Neben dem Schreiben unterrichtet
er noch zwei andere Übungen, die mit
den Händen praktiziert werden: Kochen
und achtsames Berühren. „Weil Hände
fühlen und man sich nur im Kontakt
mit Gefühlen verändern kann, verwandelt der Körper den Geist“, erklärt er
uns. Eine Teilnehmerin will wissen:
„Was ist, wenn ich einen Fehler bei meinen Schreibübungen mache?“ „Wenn
du weiterübst, ist es kein Fehler. Mach
mehr Fehler“, antwortet Ed.
Ed hat nie mit Koans geübt. „Ich
wollte nicht darüber nachdenken, wie
ich ein besserer Mensch werde, sondern
einer sein“, sagt er.

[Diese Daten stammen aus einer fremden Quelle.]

(* Let $T_b, T_r, S, T_u : \mathbb{N}_{\geq 1} \to \mathbb{R}_{>0}$ satisfy $T_r(n) = T_b(n) + T_r(n-1)$ and $T_u(n) = S(n) + T_u(\lfloor n/2 \rfloor)$ for $n \geq 2$, where $T_b$ and $S$ are each $\Theta(n^{a}(\log n)^{b})$ for some non-negative integers $a,b$. Then $T_u(n)/T_r(n) \to 0$ (super-linear speedup, i.e. $\Theta(T_u) \subsetneq \Theta(T_r)$) if and only if $S(n)/(n\, T_b(n)) \to 0$ (i.e. $\Theta(S) \subsetneq \Theta(n \, T_b)$).
   Context: $T_b(n)$ models the time of the $n$-th recursive step of an original linear recursion, $T_r(n)$ the time of the original recursion with recursion depth $n$, $S(n)=T_c(n)+T_d(n)$ the time of a combined recursive step of the unfolder and meta-interpreter in runtime repeated recursion unfolding, and $T_u(n)$ the total time of runtime repeated recursion unfolding for recursion depth $n$. Asymptotic notation is as $n\to\infty$. *)

From Stdlib Require Import Reals Lra Lia.
From Coquelicot Require Import Coquelicot.
Open Scope R_scope.

Definition bigTheta (f g : nat -> R) : Prop :=
  exists (c1 c2 : R) (N : nat), 0 < c1 /\ 0 < c2 /\
    forall n : nat, (N <= n)%nat -> c1 * g n <= f n /\ f n <= c2 * g n.

Definition polylog (a b : nat) (n : nat) : R := INR n ^ a * ln (INR n) ^ b.

From Stdlib Require Import Reals.
From Coquelicot Require Import Coquelicot.
Open Scope R_scope.
From Stdlib Require Import Arith Lra Lia Psatz.
(* Let $\mathbb{T}^*_{\mathsf{ctl}} = \mathsf{src}!b_1(\mathtt{unit}).\mathsf{src}!b_2(\mathtt{unit}).\mu\mathbf{t}.\,\mathsf{src}?b_1(\mathtt{unit}).\mathsf{sk}?b_1(\mathtt{unit}).\mathsf{sk}!b_1(\mathtt{unit}).\mathsf{src}!b_1(\mathtt{unit}).\mathsf{src}?b_2(\mathtt{unit}).\mathsf{sk}?b_2(\mathtt{unit}).\mathsf{sk}!b_2(\mathtt{unit}).\mathsf{src}!b_2(\mathtt{unit}).\mathbf{t}$ and $\mathbb{T}_{\mathsf{ctl}} = \mu\mathbf{t}.\,\mathsf{src}!b_1(\mathtt{unit}).\mathsf{src}?b_1(\mathtt{unit}).\mathsf{sk}?b_1(\mathtt{unit}).\mathsf{sk}!b_1(\mathtt{unit}).\mathsf{src}!b_2(\mathtt{unit}).\mathsf{src}?b_2(\mathtt{unit}).\mathsf{sk}?b_2(\mathtt{unit}).\mathsf{sk}!b_2(\mathtt{unit}).\mathbf{t}$, where $\mathsf{src}$ and $\mathsf{sk}$ are distinct participants and $b_1,b_2$ are labels. Then $\mathbb{T}^*_{\mathsf{ctl}}\leqslant\mathbb{T}_{\mathsf{ctl}}$.
   Context: Sorts: $\mathsf{S} ::= \mathtt{nat} \mid \mathtt{int} \mid \mathtt{bool} \mid \mathtt{unit}$; subsorting $\leq:$ is the least reflexive relation with $\mathtt{nat}\leq:\mathtt{int}$. Session types: $\mathbb{T} ::= \&_{i\in I}\mathsf{p}?\ell_i(\mathsf{S}_i).\mathbb{T}_i \mid \oplus_{i\in I}\mathsf{p}!\ell_i(\mathsf{S}_i).\mathbb{T}_i \mid \mathtt{end} \mid \mu\mathbf{t}.\mathbb{T} \mid \mathbf{t}$ (singleton choices written without $\&/\oplus$; $?$ is input from, $!$ is output to the named participant). Session trees: possibly infinite terms $\mathsf{T} ::= \mathtt{end} \mid \&_{i\in I}\mathsf{p}?\ell_i(\mathsf{S}_i).\mathsf{T}_i \mid \oplus_{i\in I}\mathsf{p}!\ell_i(\mathsf{S}_i).\mathsf{T}_i$ (coinductively); $\mathcal{T}(\mathbb{T})$ is the tree obtained from a closed type by unfolding recursion. SISO trees: $\mathsf{W} ::= \mathtt{end} \mid \mathsf{p}?\ell(\mathsf{S}).\mathsf{W} \mid \mathsf{p}!\ell(\mathsf{S}).\mathsf{W}$; $\mathrm{act}(\mathsf{W})$ is the set of symbols $\mathsf{p}?$/$\mathsf{p}!$ of inputs/outputs occurring in $\mathsf{W}$. $\mathcal{A}^{(\mathsf{p})}$: nonempty finite sequences of inputs $\mathsf{q}?\ell(\mathsf{S})$, $\mathsf{q}\neq\mathsf{p}$; $\mathcal{B}^{(\mathsf{p})}$: nonempty finite sequences of inputs $\mathsf{r}?\ell(\mathsf{S})$ (any $\mathsf{r}$) and outputs $\mathsf{q}!\ell(\mathsf{S})$, $\mathsf{q}\neq\mathsf{p}$ (used as prefixes). SISO refinement $\lesssim$: largest relation closed backward under $\mathsf{p}?\ell(\mathsf{S}).\mathsf{W}\lesssim\mathsf{p}?\ell(\mathsf{S}').\mathsf{W}'$ if $\mathsf{S}'\leq:\mathsf{S}$, $\mathsf{W}\lesssim\mathsf{W}'$; $\mathsf{p}?\ell(\mathsf{S}).\mathsf{W}\lesssim\mathcal{A}^{(\mathsf{p})}.\mathsf{p}?\ell(\mathsf{S}').\mathsf{W}'$ if $\mathsf{S}'\leq:\mathsf{S}$, $\mathsf{W}\lesssim\mathcal{A}^{(\mathsf{p})}.\mathsf{W}'$, $\mathrm{act}(\mathsf{W})=\mathrm{act}(\mathcal{A}^{(\mathsf{p})}.\mathsf{W}')$; $\mathsf{p}!\ell(\mathsf{S}).\mathsf{W}\lesssim\mathsf{p}!\ell(\mathsf{S}').\mathsf{W}'$ if $\mathsf{S}\leq:\mathsf{S}'$, $\mathsf{W}\lesssim\mathsf{W}'$; $\mathsf{p}!\ell(\mathsf{S}).\mathsf{W}\lesssim\mathcal{B}^{(\mathsf{p})}.\mathsf{p}!\ell(\mathsf{S}').\mathsf{W}'$ if $\mathsf{S}\leq:\mathsf{S}'$, $\mathsf{W}\lesssim\mathcal{B}^{(\mathsf{p})}.\mathsf{W}'$, $\mathrm{act}(\mathsf{W})=\mathrm{act}(\mathcal{B}^{(\mathsf{p})}.\mathsf{W}')$; $\mathtt{end}\lesssim\mathtt{end}$. SO trees $\mathsf{U} ::= \mathtt{end}\mid\&_{i\in I}\mathsf{p}?\ell_i(\mathsf{S}_i).\mathsf{U}_i\mid\mathsf{p}!\ell(\mathsf{S}).\mathsf{U}$, SI trees $\mathsf{V} ::= \mathtt{end}\mid\mathsf{p}?\ell(\mathsf{S}).\mathsf{V}\mid\oplus_{i\in I}\mathsf{p}!\ell_i(\mathsf{S}_i).\mathsf{V}_i$; $[\![\mathsf{T}]\!]_{SO}$ is the set of SO trees obtained from $\mathsf{T}$ by keeping exactly one branch (with its payload) at every selection node and all branches at branching nodes, and $[\![\mathsf{T}]\!]_{SI}$ the set of SI trees obtained by keeping exactly one branch at every branching node and all branches at selection nodes. Subtyping: $\mathsf{T}\leqslant\mathsf{T}'$ iff $\forall\mathsf{U}\in[\![\mathsf{T}]\!]_{SO}\ \forall\mathsf{V}'\in[\![\mathsf{T}']\!]_{SI}\ \exists\mathsf{W}\in[\![\mathsf{U}]\!]_{SI}\ \exists\mathsf{W}'\in[\![\mathsf{V}']\!]_{SO}$: $\mathsf{W}\lesssim\mathsf{W}'$; $\mathbb{T}\leqslant\mathbb{T}'$ iff $\mathcal{T}(\mathbb{T})\leqslant\mathcal{T}(\mathbb{T}')$. *)

From Stdlib Require Import List.
Import ListNotations.
Set Implicit Arguments.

Einst gab ihm sein
Lehrer Suzuki Roshi eine Aufgabe:
Wenn du Reis wäschst, wäschst du Reis.
Wenn du Karotten schneidest, schneidest du Karotten. „Das Entscheidende
dabei ist, dass du erkennst: Was ist das
Wichtigste jetzt, was ist das Wichtigste
hier?“ Darum geht es ihm bei allen seinen Übungen.
Edward Edespe Brown lehrt in Green Gulch,
im City Center und im Tassahara-Zentrum in
San Francisco. Im Juli lehrt er Kochen im Zentrum Scheibbs und Zen in Puregg und Wien.